■ **Task objective**
Scan the entries below for the word "subnKC". Copy out every line in which it occurs.

■ **Collected data entries**
Lemma card_bichromatic f :
  (#|bichromatic_pairs f| + \sum_j 'C(#|[set x | f x == j]|, 2))%N = 'C(n, 2).
Proof.
have mono_sum e : e \in pairs ->
    (\sum_j (e \subset [set x | f x == j]))%N = monochromatic f e.
  rewrite inE => /cards2P [x [y [_ ->]]]; rewrite monochromatic2 (bigD1 (f x)) //=.
  rewrite big1 => [|j /negbTE fxj]; last by rewrite subUset !sub1set !inE eq_sym fxj.
  by rewrite subUset !sub1set !inE eqxx addn0 eq_sym.
have card_pairs_in j : 'C(#|[set x | f x == j]|, 2) =
    (\sum_(e | e \in pairs) (e \subset [set x | f x == j]))%N.
  by rewrite -cards_draws -card_set_andb; apply: eq_card => e; rewrite !inE andbC.
rewrite (eq_bigr _ (fun j _ => card_pairs_in j)) exchange_big /=.
rewrite (eq_bigr _ mono_sum) -card_set_andb -card_pairs.
rewrite -(cardsID [set e | monochromatic f e] pairs) addnC.
by congr (_ + _)%N; apply: eq_card => e; rewrite !inE // andbC.
Qed.

Lemma sum_Xnk m :
  (\sum_(E in graphs_nm n m) Xnk k E)%N =
  (\sum_(f | equipart f) 'C(#|bichromatic_pairs f|, m))%N.
Proof.
rewrite (eq_bigr _ (fun E _ => card_set_andb _ _)) exchange_big /=.
by apply: eq_bigr => f _; rewrite -card_indep_graphs card_set_andb.
Qed.

End GraphCounting.

Lemma big_ord_ltn (R : Type) (idx : R) (op : Monoid.law idx) (F : bool -> R) k r :
  (r <= k)%N ->
  \big[op/idx]_(j < k) F (j < r) =
  op (\big[op/idx]_(j < r) F true) (\big[op/idx]_(j < k - r) F false).
Proof.
move=> le_rk; have [d ->] : exists d, k = (r + d)%N by exists (k - r)%N; rewrite subnKC.
rewrite addKn big_split_ord /=.
by congr (op _ _); apply: eq_bigr => j _; rewrite ?ltn_ord // ltnNge leq_addr.
Qed.

Section EquipartitionSizes.
Variables n k : nat.
Hypothesis k_gt0 : (0 < k)%N.

Definition part_size (j : 'I_k) : nat := (n %/ k + (j < n %% k))%N.

Definition mono_pairs : nat := (\sum_j 'C(part_size j, 2))%N.

Definition fact_parts : nat := (\prod_j (part_size j)`!)%N.

Let le_mod : (n %% k <= k)%N. Proof. exact/ltnW/ltn_pmod. Qed.

Lemma sum_part_size : (\sum_j part_size j)%N = n.
Proof.
rewrite (big_ord_ltn addn (fun b => n %/ k + b)%N le_mod) /= !sum_nat_const !card_ord addn1 addn0.
by rewrite [RHS](divn_eq n k) mulnSr addnAC -mulnDl subnKC // mulnC.
Qed.
Lemma fact_partsE : fact_parts = ((n %/ k).+1`! ^ (n %% k) * (n %/ k)`! ^ (k - n %% k))%N.
Proof.
rewrite /fact_parts (big_ord_ltn muln (fun b => (n %/ k + b)`!)%N le_mod) /=.
by rewrite !prod_nat_const !card_ord addn1 addn0.
Qed.

Lemma mono_pairsE :
  mono_pairs = (n %% k * 'C((n %/ k).+1, 2) + (k - n %% k) * 'C(n %/ k, 2))%N.
Proof.
rewrite /mono_pairs (big_ord_ltn addn (fun b => 'C(n %/ k + b, 2))%N le_mod) /=.
by rewrite !sum_nat_const !card_ord addn1 addn0.
Qed.

Lemma multinom_part_size : (multinom n part_size * fact_parts)%N = n`!.
Proof. exact/multinom_fact/sum_part_size. Qed.

End EquipartitionSizes.

Arguments part_size : clear implicits.

Lemma bin2R (R : pzRingType) q : ('C(q, 2)%:R * 2 = q%:R * (q%:R - 1) :> R)%R.
Proof.
rewrite -natrM (_ : 2%N = 2`!) // bin_ffact ffactnS ffactn1.
by case: q => [|q]; rewrite ?mul0r // natrM -natr1 addrK.
Qed.

Lemma mono_pairsR (R : comPzRingType) n k : (0 < k)%N ->
  ((mono_pairs n k * k * 2)%:R =
   n%:R * (n%:R - k%:R) + (n %% k)%:R * (k%:R - (n %% k)%:R) :> R)%R.
Proof.
move=> k_gt0; set q := (n %/ k)%N; set r := (n %% k)%N.
have -> : (mono_pairs n k * k * 2 =
    r * ('C(q.+1, 2) * 2) * k + (k - r) * ('C(q, 2) * 2) * k)%N.
  by rewrite mono_pairsE //; ring.
rewrite natrD !natrM !bin2R natrB ?(ltnW (ltn_pmod n k_gt0)) //.
by rewrite [n in RHS](divn_eq n k) natrD natrM -natr1; ring.
Qed.

Lemma leq_expn2r m n e : (m <= n)%N -> (m ^ e <= n ^ e)%N.
Proof. by case: e => // e; rewrite leq_exp2r. Qed.

Lemma fact_leq_exp q : (q`! <= q.+1 ^ q)%N.
Proof.
elim: q => // q IHq; rewrite factS expnS leq_mul //.
exact: leq_trans IHq (leq_expn2r _ _).
Qed.

Lemma fact_exp_succ_le q : (q`! ^ q.+1 <= q.+1`! ^ q)%N.
Proof. by rewrite factS expnMn expnS leq_mul ?fact_leq_exp. Qed.

Lemma mono_pairs_eq0 n k : (0 < k)%N -> (n <= k)%N -> mono_pairs n k = 0%N.
Proof.
move=> k_gt0; rewrite mono_pairsE //; case: ltngtP => // [lt_nk | ->] _.
  by rewrite divn_small // modn_small // !bin_small ?muln0.
by rewrite divnn modnn k_gt0 mul0n add0n muln0.
Qed.

Section SuccessiveEquipartitions.
Variables n k : nat.
Hypothesis k_gt0 : (0 < k)%N.

Let lt_mod : (n %% k < k)%N. Proof. exact: ltn_pmod. Qed.

Lemma edivn_succ_le : (n %/ k <= n %% k)%N ->
  n %/ k.+1 = n %/ k /\ n %% k.+1 = (n %% k - n %/ k)%N.
Proof.
rewrite [in n %/ k.+1](divn_eq n k) [in n %% k.+1](divn_eq n k).
move: (n %/ k) (n %% k) lt_mod => q r lt_rk le_qr.
have lt_r'k : (r - q < k.+1)%N by lia.
rewrite (_ : q * k + r = q * k.+1 + (r - q))%N; last by nia.
by rewrite divnMDl // divn_small // addn0 modnMDl modn_small.
Qed.

Lemma edivn_succ_gt : (n %% k < n %/ k <= k)%N ->
  n %/ k.+1 = (n %/ k).-1 /\ n %% k.+1 = (n %% k + k.+1 - n %/ k)%N.
Proof.
rewrite [in n %/ k.+1](divn_eq n k) [in n %% k.+1](divn_eq n k).
move: (n %/ k) (n %% k) => [|q] r // /andP[lt_rq le_qk].
have lt_r'k : (r + k.+1 - q.+1 < k.+1)%N by lia.
rewrite (_ : q.+1 * k + r = q * k.+1 + (r + k.+1 - q.+1))%N; last by nia.
by rewrite divnMDl // divn_small // addn0 modnMDl modn_small.
Qed.

Hypothesis le_div : (n %/ k <= k)%N.

Lemma modn_succ_bound :
  (k * (n %% k.+1) * (k.+1 - n %% k.+1) <= k.+1 * (n + n %% k * (k - n %% k)))%N.
Proof.
have n_eq := divn_eq n k.
case: (leqP (n %/ k) (n %% k)) => [le_qr | lt_rq].
  have [_ ->] := edivn_succ_le le_qr.
  move: (n %/ k) (n %% k) n_eq le_qr lt_mod => q r -> le_qr lt_rk.
  have [t [w [-> ->]]] : exists t w, r = (q + t)%N /\ k = (q + t + w).+1.
    by exists (r - q)%N, (k - r - 1)%N; lia.
  have -> : (q + t - q = t)%N by lia.
  have -> : ((q + t + w).+2 - t = (q + w).+2)%N by lia.
  have -> : ((q + t + w).+1 - (q + t) = w.+1)%N by lia.
  nia.
have [_ ->] := edivn_succ_gt (introT andP (conj lt_rq le_div)).
move: (n %/ k) (n %% k) n_eq lt_rq le_div => q r -> lt_rq le_qk.
have [t [w [-> ->]]] : exists t w, q = (r + t).+1 /\ k = (r + t + w).+1.
  by exists (q - r - 1)%N, (k - q)%N; lia.
have -> : (r + (r + t + w).+2 - (r + t).+1 = r + w + 1)%N by lia.
have -> : ((r + t + w).+2 - (r + w + 1) = t + 1)%N by lia.
have -> : ((r + t + w).+1 - r = (t + w).+1)%N by lia.
nia.
Qed.

Lemma fact_parts_succ_le : (fact_parts n k.+1 <= fact_parts n k)%N.
Proof.
(* With [q = n %/ k], [r = n %% k]: after cancelling common factors, the case
   [q <= r] is [q!^(q+1) <= (q+1)!^q], and the case [r < q = s + 1] is
   [s! <= (s+2)^r (s+1)^(s-r)]. *)
rewrite !fact_partsE //.
case: (leqP (n %/ k) (n %% k)) => [le_qr | lt_rq].
  have [-> ->] := edivn_succ_le le_qr.
  move: (n %/ k) (n %% k) le_qr lt_mod => q r le_qr lt_rk.
  have [t [w [-> ->]]] : exists t w, r = (q + t)%N /\ k = (q + t + w).+1.
    by exists (r - q)%N, (k - r - 1)%N; lia.
  have -> : (q + t - q = t)%N by lia.
  have -> : ((q + t + w).+2 - t = w.+1 + q.+1)%N by lia.
  have -> : ((q + t + w).+1 - (q + t) = w.+1)%N by lia.
  rewrite [(q + t)%N]addnC !expnD -!mulnA leq_mul2l [X in (_ <= X)%N]mulnC.
  by rewrite leq_mul2l fact_exp_succ_le !orbT.
have [-> ->] := edivn_succ_gt (introT andP (conj lt_rq le_div)).
move: (n %/ k) (n %% k) lt_rq le_div => q r lt_rq le_qk.
have [s [t [w [-> -> ->]]]] :
    exists s t w, [/\ q = s.+1, s = (r + t)%N & k = (r + t + w).+1].
  by exists (q - 1)%N, (q - 1 - r)%N, (k - q)%N; split; lia.
set A := (r + t).+1`!; set B := (r + t)`!.
have -> : (r + (r + t + w).+2 - (r + t).+1 = r + w.+1)%N by lia.
have -> : ((r + t + w).+2 - (r + w.+1) = t.+1)%N by lia.
have -> : ((r + t + w).+1 - r = t + w.+1)%N by lia.
rewrite factS -/A expnMn.
have -> : ((r + t).+2 ^ r * A ^ r * A ^ (t + w.+1) =
    A ^ (r + w.+1) * ((r + t).+2 ^ r * A ^ t))%N by rewrite !expnD; ring.
rewrite leq_mul2l; apply/orP; right.
rewrite /A factS -/B expnMn expnSr mulnA [X in (_ <= X)%N]mulnC leq_mul2l.
apply/orP; right; apply: leq_trans (fact_leq_exp _) _; rewrite expnD leq_mul2r.
by rewrite leq_expn2r ?orbT.
Qed.

Lemma multinom_part_size_succ :
  (multinom n (part_size n k) <= multinom n (part_size n k.+1))%N.
Proof.
have fact_parts_gt0 : (0 < fact_parts n k.+1)%N.
  by rewrite prodn_gt0 // => j; rewrite fact_gt0.
rewrite -(leq_pmul2r fact_parts_gt0) multinom_part_size //.
by rewrite -(multinom_part_size n k_gt0) leq_mul2l fact_parts_succ_le orbT.
Qed.

Local Open Scope ring_scope.

Lemma mono_pairs_gap (R : realDomainType) :
  n%:R * (n%:R - k.+1%:R) + (mono_pairs n k.+1 * (2 * k * k.+1))%N%:R
    <= (mono_pairs n k * (2 * k * k.+1))%N%:R :> R.
Proof.
have bound := modn_succ_bound.
rewrite -(ler_nat R) !natrM natrD natrM !natrB ?(ltnW (ltn_pmod _ _)) // in bound.
(* By [mono_pairsR], the difference of the two sides is
   [(k + 1) (n + r (k - r)) - k r' (k + 1 - r')], with [r], [r'] the remainders
   of [n] modulo [k] and [k + 1]. *)
have -> : (mono_pairs n k * (2 * k * k.+1))%N%:R =
    k.+1%:R * (mono_pairs n k * k * 2)%N%:R :> R by rewrite !natrM; ring.
have -> : (mono_pairs n k.+1 * (2 * k * k.+1))%N%:R =
    k%:R * (mono_pairs n k.+1 * k.+1 * 2)%N%:R :> R by rewrite !natrM; ring.
rewrite !mono_pairsR // -natr1 in bound *; lra.
Qed.

Lemma mono_pairs_succ_le : (mono_pairs n k.+1 <= mono_pairs n k)%N.
Proof.
case: (leqP n k) => [le_nk | lt_kn]; first by rewrite !mono_pairs_eq0 ?leqW.
have c_gt0 : (0 < 2 * k * k.+1)%N by rewrite !muln_gt0 k_gt0.
rewrite -(leq_pmul2r c_gt0) -(ler_nat int); apply: le_trans (mono_pairs_gap int).
by rewrite lerDr mulr_ge0 // subr_ge0 ler_nat.
Qed.

End SuccessiveEquipartitions.

Lemma mono_pairs_le n k : (0 < k)%N -> (mono_pairs n k * 2 <= n %/ k * n)%N.
Proof.
move=> k_gt0; rewrite /mono_pairs big_distrl /=.
rewrite -[X in (_ <= _ * X)%N](sum_part_size n k_gt0) big_distrr /=.
apply: leq_sum => j _; rewrite (_ : 2%N = 2`!) // bin_ffact ffactnS ffactn1 mulnC leq_mul2r.
by rewrite /part_size; case: (j < _); rewrite /= ?addn1 ?addn0 ?leq_pred ?leqnn orbT.
Qed.

Local Open Scope ring_scope.

Lemma muE (R : realType) (p : R) n k :
  mu p n k = (multinom n (part_size n k) *
              'C('C(n, 2) - mono_pairs n k, m_of p n))%:R / 'C('C(n, 2), m_of p n)%:R.
Proof.
rewrite /mu card_graphs_nm -natr_sum sum_Xnk; congr (_%:R / _).
rewrite (eq_bigr (fun _ => 'C('C(n, 2) - mono_pairs n k, m_of p n))) => [|f /forallP fib].
  rewrite (eq_bigl (fun f => f \in [set f | equipart f])) => [|f]; last by rewrite inE.
  by rewrite sum_nat_const; congr (_ * _)%N; apply: eq_card => f; rewrite !inE.
have -> : mono_pairs n k = (\sum_j 'C(#|[set x | f x == j]|, 2))%N.
  by apply: eq_bigr => j _; rewrite (eqP (fib j)).
by rewrite -(card_bichromatic f) addnK.
Qed.

Lemma exponent_le_mono_pairs_drop (R : realFieldType) n k :
  (0 < k)%N -> (n %/ k <= k)%N ->
  n%:R ^+ 2 / (2 * k%:R * k.+1%:R) - n%:R / (2 * k%:R)
    <= (mono_pairs n k - mono_pairs n k.+1)%:R :> R.
Proof.
move=> k_gt0 le_div; have gap := mono_pairs_gap k_gt0 le_div R.
rewrite !natrM in gap; rewrite natrB ?mono_pairs_succ_le //.
have k_gt0R : 0 < k%:R :> R by rewrite ltr0n.
have c_gt0 : 0 < 2 * k%:R * k.+1%:R :> R by rewrite !mulr_gt0 ?ltr0n.
have -> : n%:R ^+ 2 / (2 * k%:R * k.+1%:R) - n%:R / (2 * k%:R) =
    n%:R * (n%:R - k.+1%:R) / (2 * k%:R * k.+1%:R) :> R.
  by rewrite -natr1; field; rewrite -natr1 in c_gt0; apply/andP; split; lra.
by rewrite ler_pdivrMr //; lra.
Qed.

Lemma bin_pred_ratio N m Y : (Y <= N)%N -> (N * 'C(Y.-1, m) <= (N - m) * 'C(Y, m))%N.
Proof.
case: Y => [|Y] le_YN /=; first by case: m => [|m]; rewrite ?subn0 ?bin0n ?muln0.
rewrite -(@leq_pmul2l Y.+1) // mulnCA mul_bin_down mulnA [X in (_ <= X)%N]mulnA.
by rewrite leq_mul2r; apply/orP; right; nia.
Qed.

Lemma bin_shift_ratio (R : numFieldType) N m X D : (X + D <= N)%N -> (m < N)%N ->
  (N%:R / (N - m)%:R) ^+ D * 'C(X, m)%:R <= 'C(X + D, m)%:R :> R.
Proof.
move=> le_XDN lt_mN; have Nm_gt0 : 0 < (N - m)%:R :> R by rewrite ltr0n subn_gt0.
elim: D le_XDN => [|D IHD] le_XDN; first by rewrite expr0 mul1r addn0.
have le_XD : (X + D <= N)%N by lia.
rewrite exprS -mulrA (le_trans (ler_wpM2l _ (IHD le_XD))) ?divr_ge0 //.
rewrite mulrAC ler_pdivrMr // [X in _ <= X]mulrC -!natrM ler_nat.
by rewrite addnS in le_XDN *; exact: bin_pred_ratio.
Qed.

Lemma bernoulli_le (R : realDomainType) (t : R) D : t <= 1 -> 1 - D%:R * t <= (1 - t) ^+ D.
Proof.
move=> le_t1; elim: D => [|D IHD]; first by rewrite mul0r subr0.
rewrite exprS (le_trans _ (ler_wpM2l _ IHD)) ?subr_ge0 // -natr1.
by have := ler0n R D; nra.
Qed.

Section TruncatedDensity.
Variables (R : realType) (p : R) (N : nat).

Let truncn_pN_itv (p_ge0 : 0 <= p) := truncn_itv (mulr_ge0 p_ge0 (ler0n R N)).

Lemma truncn_lt : 0 <= p -> 1 <= (1 - p) * N%:R -> (Num.truncn (p * N%:R) < N)%N.
Proof.
move=> p_ge0 a_ge1; have /andP[+ _] := truncn_pN_itv p_ge0.
by move: (Num.truncn _) => m m_le; rewrite -(ltr_nat R); lra.
Qed.

Lemma truncn_add_le F : 0 <= p -> F%:R <= (1 - p) * N%:R ->
  (Num.truncn (p * N%:R) + F <= N)%N.
Proof.
move=> p_ge0 le_F; have /andP[+ _] := truncn_pN_itv p_ge0.
by move: (Num.truncn _) => m m_le; rewrite -(ler_nat R) natrD; lra.
Qed.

■ **Task result**
move=> le_rk; have [d ->] : exists d, k = (r + d)%N by exists (k - r)%N; rewrite subnKC.
by rewrite [RHS](divn_eq n k) mulnSr addnAC -mulnDl subnKC // mulnC.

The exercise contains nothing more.